ДАР БАРОНЕССЫ ПАНДОРЫ ЛАНДИФЕР МУЗЕЮ УФФИЦИ
В ПАМЯТЬ О КОНСТАНЦИИ ДЕЛАМБР И БРЮСЕ БУТАРЕ

Множество микрофонов, словно ракеты, устремились к губам пожилой дамы.

– Прошу заметить, что, несмотря на это посвящение, Брюс Бутар еще с нами. И это замечательно! О нем и о Констанции Деламбр я думаю сегодня!

Решительно отодвинув микрофоны, она спустилась с эстрады и подошла к тем, кто стоял у символического ограждения.

Русполини, быстрый как молния, перехватил инициативу. У прессы имеются вопросы? Он на них ответит! Это же его работа! Спрашивайте, друзья, не стесняйтесь!

* * *

Матье ушел. Его рассказ поднял мне настроение. Я представил первую ночь Антонии в Уффици – тихое время, когда музей покидают сотни туристов и уборщики приступают к повседневной работе: натирают паркет воском, высыпают мусор из урн, словом, делают все, чтобы к завтрашнему открытию музей сверкал чистотой.

Мне пришло в голову, что после стольких лет покоя в шале «Ландифер» Антонии ее новое жилище должно было показаться огромным и шумным. Где она была, прежде чем попала в дом дядюшки Пандоры? На каком-то чердаке в Сиене? Во дворце во Флоренции? Ей придется привыкнуть к устремленным на нее испытующим взглядам, к бесконечному движению толпы, к незнакомым лицам.

Я представил старательного юношу в синем комбинезоне, толкающего перед собой тяжелую тележку с метлами, мочалками, тряпками и мешками для мусора. На первых порах его охватывало волнение, стоило взгляду остановиться на лице Пресвятой Девы или округлостях изящной скульптуры. Но со временем он к ним привык.

Мысленно я покидаю квартиру на улице Шарантон, оказываюсь в галерее Уффици и, оставаясь незамеченным, наблюдаю за юношей, который подходит к портрету Антонии, новому приобретению музея, чтобы прочесть надпись на пластинке.

– Не стой так близко, Таддео! Эта картина дороже золота! Обернувшись, юноша видит одного из охранников. Тот улыбается.

– Она тут недавно?

– Сегодня повесили. Мы в бар, ты с нами?

– Я еще не закончил, – говорит Таддео. – Мне надо еще убрать восьмой и девятый.
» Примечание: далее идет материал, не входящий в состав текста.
(* In $\mathbb{R}^3$ with coordinates $(x_1,y_1,y_2)$, let $M=\{y_1=y_2=0\}$ (coordinate $x_1$) and $N=\{y_1=0\}$ (coordinates $(x_1,y_2)$). Let $\psi\in C_0^\infty([-1,1])$ be even, $\psi\ge0$, with $\frac{1}{\sqrt{2\pi}}\int_{-1}^1\psi(\theta)\,d\theta=1$, set $\chi(\xi,\eta')=\psi(\eta'/|\xi|)\frac{1}{|\xi|}$, and define for functions $w$ on $M$ $$E(w)(x_1,y_2):=\frac{1}{2\pi}\iint e^{i(\xi x_1+\eta' y_2)}\hat w(\xi)\chi(\xi,\eta')\,d\eta'\,d\xi.$$ Then $E$ is bounded $\dot H^{-1/2}(M)\to L^2(N)$ and bounded $(\dot H^{-1/2}\cap H^{m-1/2})(M)\to H^m(N)$. In addition, if $w\in\dot H^{-3/2}(M)$ then $y_2E(w)\in L^2(N)$, and the map $w\mapsto y_2E(w)$ is bounded $(\dot H^{-3/2}\cap H^{m-3/2})(M)\to H^m(N)$.
   Context: $\hat w(\xi)=(2\pi)^{-1/2}\int e^{-i\xi x_1}w(x_1)dx_1$. $\dot H^s$ is the homogeneous Sobolev space with norm $\|w\|_{\dot H^s}^2=\int|\xi|^{2s}|\hat w(\xi)|^2d\xi$; $H^s$ is the inhomogeneous Sobolev space with norm $\int(1+|\xi|^2)^s|\hat w|^2d\xi$ (on $N$, with the analogous norm in two variables). $m\ge 0$ is an integer. *)

From HB Require Import structures.
From mathcomp Require Import all_boot all_order all_algebra.
From mathcomp Require Import all_classical all_reals all_analysis.
Set Implicit Arguments. Unset Strict Implicit. Unset Printing Implicit Defensive.
Import Order.TTheory GRing.Theory Num.Theory.
Import numFieldNormedType.Exports.
Local Open Scope classical_set_scope.
Local Open Scope ring_scope.

(* Complex numbers are represented by pairs (real part, imaginary part). *)
Definition cmod2 {R : realType} (z : R * R) : R := z.1 ^+ 2 + z.2 ^+ 2.

Section Defs.
Variable R : realType.

Definition leb1 := (@lebesgue_measure R).
Definition leb2 := (@lebesgue_measure R \x @lebesgue_measure R)%E.

(* Fourier data on M = R (coordinate x1): w is described by its Fourier
   transform  hat w : R -> C. *)
Definition fmeas (wh : R -> R * R) :=
  measurable_fun setT (fun x => (wh x).1) /\ measurable_fun setT (fun x => (wh x).2).

Definition Hdot_norm2 (s : R) (wh : R -> R * R) : \bar R :=
  (\int[leb1]_xi ((`|xi| `^ (2 * s)) * cmod2 (wh xi))%:E)%E.
Lemma nsum_rev n g : nsum n g = nsum n (fun i => g (n - 1 - i)%nat).
Proof.
  induction n; auto.
  change (nsum (S n) g) with (nsum n g + g n)%nat.
  replace (S n) with (1 + n)%nat by lia; rewrite nsum_app, IHn; simpl.
  rewrite Nat.add_comm; f_equal; [f_equal; lia | apply nsum_ext; intros; f_equal; lia].
Qed.

Lemma nsum_mono n g h : (forall i, (i < n)%nat -> (g i <= h i)%nat) -> (nsum n g <= nsum n h)%nat.
Proof.
  induction n; simpl; intros H; auto.
  assert (nsum n g <= nsum n h)%nat by (apply IHn; auto).
  specialize (H n); lia.
Qed.

Lemma nsum_odd n g : (forall i, (i < n)%nat -> Nat.Odd (g i)) -> Nat.odd (nsum n g) = Nat.odd n.
Proof.
  induction n; simpl; intros H; auto.
  rewrite Nat.odd_add, IHn, (proj2 (Nat.odd_spec _) (H n ltac:(lia))) by auto.
  rewrite Nat.odd_succ, <- Nat.negb_odd; destruct (Nat.odd n); reflexivity.
Qed.

Lemma nsum_le_of_vanishing n N g : (forall i, (g i <= 1)%nat) ->
  (forall i, (N <= i < n)%nat -> g i = 0%nat) -> (nsum n g <= N)%nat.
Proof.
  induction n; simpl; intros H1 H0; [lia|].
  destruct (le_lt_dec N n).
  - rewrite H0 by lia; rewrite Nat.add_0_r; apply IHn; auto; intros; apply H0; lia.
  - assert (nsum n g <= n)%nat by (rewrite <- (nsum_const_1 n) at 2; apply nsum_mono; auto).
    specialize (H1 n); lia.
Qed.

Lemma nsum_ge_of_ones n N g : (N < n)%nat -> (forall i, (i <= N)%nat -> g i = 1%nat) ->
  (N < nsum n g)%nat.
Proof.
  intros HN H1; replace n with (S N + (n - S N))%nat by lia; rewrite nsum_app.
  rewrite (nsum_ext (S N) g (fun _ => 1%nat)), nsum_const_1 by (intros; apply H1; lia). lia.
Qed.

Lemma nsum_list n g : nsum n g = list_sum (map g (seq 0 n)).
Proof. induction n; auto. rewrite seq_S, map_app, list_sum_app; simpl; lia. Qed.

Lemma map_nth_seq (l : list nat) : map (fun j => nth j l 0%nat) (seq 0 (length l)) = l.
Proof.
  induction l as [|x l IH]; auto; simpl; f_equal.
  rewrite <- seq_shift, map_map; exact IH.
Qed.

Lemma nsum_involution n s g : (forall i, (i < n)%nat -> (s i < n)%nat) ->
  (forall i, (i < n)%nat -> s (s i) = i) -> nsum n (fun i => g (s i)) = nsum n g.
Proof.
  intros Hlt Hinv; rewrite !nsum_list, <- map_map.
  apply Permutation_list_sum, Permutation_map, Permutation_map_same_l.
  - apply FinFun.Injective_map_NoDup_in; [|apply seq_NoDup].
    intros x y Hx Hy E; apply in_seq in Hx, Hy.
    rewrite <- (Hinv x), <- (Hinv y), E by lia; reflexivity.
  - intros y Hy; apply in_map_iff in Hy as [x [<- Hx]]; apply in_seq in Hx.
    apply in_seq; specialize (Hlt x); lia.
Qed.

Definition ind_lt (x c : R) : nat := if Rlt_dec x c then 1%nat else 0%nat.

Definition count_lt (n : nat) (f : nat -> R) (c : R) : nat := nsum n (fun i => ind_lt (f i) c).

Lemma count_lt_le n f c : (count_lt n f c <= n)%nat.
Proof.
  rewrite <- (nsum_const_1 n) at 2; apply nsum_mono; intros i _.
  unfold ind_lt; destruct (Rlt_dec (f i) c); lia.
Qed.

Lemma count_lt_mono n f g c d : (forall i, (i < n)%nat -> f i < c -> g i < d) ->
  (count_lt n f c <= count_lt n g d)%nat.
Proof.
  intros H; apply nsum_mono; intros i Hi.
  unfold ind_lt; destruct (Rlt_dec (f i) c), (Rlt_dec (g i) d); auto; exfalso; auto.
Qed.

Lemma count_lt_order_stat n f c :
  count_lt n f c = nsum n (fun j => ind_lt (order_stat n f j) c).
Proof.
  unfold count_lt, order_stat, sort_index; rewrite !nsum_list.
  rewrite <- (sorted_indices_length n f) at 2.
  rewrite <- (map_map (fun j => nth j (sorted_indices n f) 0%nat)
                      (fun i => ind_lt (f i) c)), map_nth_seq.
  apply Permutation_list_sum, Permutation_map; symmetry; apply sorted_indices_perm.
Qed.

Lemma order_stat_lt_iff n f c N : (N < n)%nat ->
  order_stat n f N < c <-> (N < count_lt n f c)%nat.
Proof.
  intros HN; rewrite count_lt_order_stat; split; intros H.
  - apply nsum_ge_of_ones; auto; intros i Hi.
    unfold ind_lt; destruct (Rlt_dec (order_stat n f i) c) as [|Hc]; auto.
    exfalso; apply Hc, (Rle_lt_trans _ (order_stat n f N)); auto; apply order_stat_mono; lia.
  - destruct (Rlt_dec (order_stat n f N) c) as [|Hc]; auto; exfalso.
    enough (nsum n (fun j => ind_lt (order_stat n f j) c) <= N)%nat by lia.
    apply nsum_le_of_vanishing; intros i; unfold ind_lt;
      destruct (Rlt_dec (order_stat n f i) c) as [Hi|]; auto.
    intros Hi'; exfalso; apply Hc, (Rle_lt_trans _ (order_stat n f i)); auto.
    apply order_stat_mono; lia.
Qed.

(* If [order_stat g N] exceeded [order_stat f N + d], comparing counts below the midpoint
   would put more than [N] values of [g] below it. *)
Lemma order_stat_lipschitz n f g d N : (N < n)%nat ->
  (forall i, (i < n)%nat -> Rabs (f i - g i) <= d) ->
  Rabs (order_stat n f N - order_stat n g N) <= d.
Proof.
  intros HN Hfg.
  assert (Hone : forall f g, (forall i, (i < n)%nat -> Rabs (f i - g i) <= d) ->
            order_stat n g N <= order_stat n f N + d).
  { clear f g Hfg; intros f g Hfg.
    destruct (Rle_dec (order_stat n g N) (order_stat n f N + d)) as [|Hgt]; auto; exfalso.
    set (c := (order_stat n f N + d + order_stat n g N) / 2).
    assert (Hf : (N < count_lt n f (c - d))%nat) by (apply order_stat_lt_iff; auto; unfold c; lra).
    assert (Hm : (count_lt n f (c - d) <= count_lt n g c)%nat).
    { apply count_lt_mono; intros i Hi Hlt; specialize (Hfg i Hi).
      rewrite Rabs_minus_sym in Hfg; pose proof (Rle_abs (g i - f i)); lra. }
    assert (Hg : order_stat n g N < c) by (apply order_stat_lt_iff; auto; lia).
    unfold c in Hg; lra. }
  apply Rabs_le; split.
  - enough (order_stat n g N <= order_stat n f N + d) by lra.
    apply Hone; auto.
  - enough (order_stat n f N <= order_stat n g N + d) by lra.
    apply Hone; intros i Hi; rewrite Rabs_minus_sym; auto.
Qed.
– Тогда clao! Да поторопись, скоро закрываемся!

Шаги охранника удаляются. Таддео снова поворачивается к портрету. И долго не может оторвать от него глаз.

Потом вздрагивает: от двух часов, отведенных на уборку, почти ничего не осталось. Музей вот-вот закроют, а он еще не закончил работу! Он наскоро прибирает оставшиеся два зала.

Остаться в музее на ночь? Да ни за что на свете! Это несчастье уже случилось однажды с его коллегой. Бедняга просидел неподвижно до самого утра, чтобы, не дай бог, не сработала сигнализация и не приехала полиция. Причем подать знак ночным охранникам, находившимся в комнате перед мониторами камер слежения, он тоже никак не мог.

Таддео достает бейдж с электронным чипом, без которого из музея не выйти.

Но ему хочется еще раз посмотреть на Антонию. Она прекрасна даже в призрачном свете ночных светильников, включенных охранником перед уходом.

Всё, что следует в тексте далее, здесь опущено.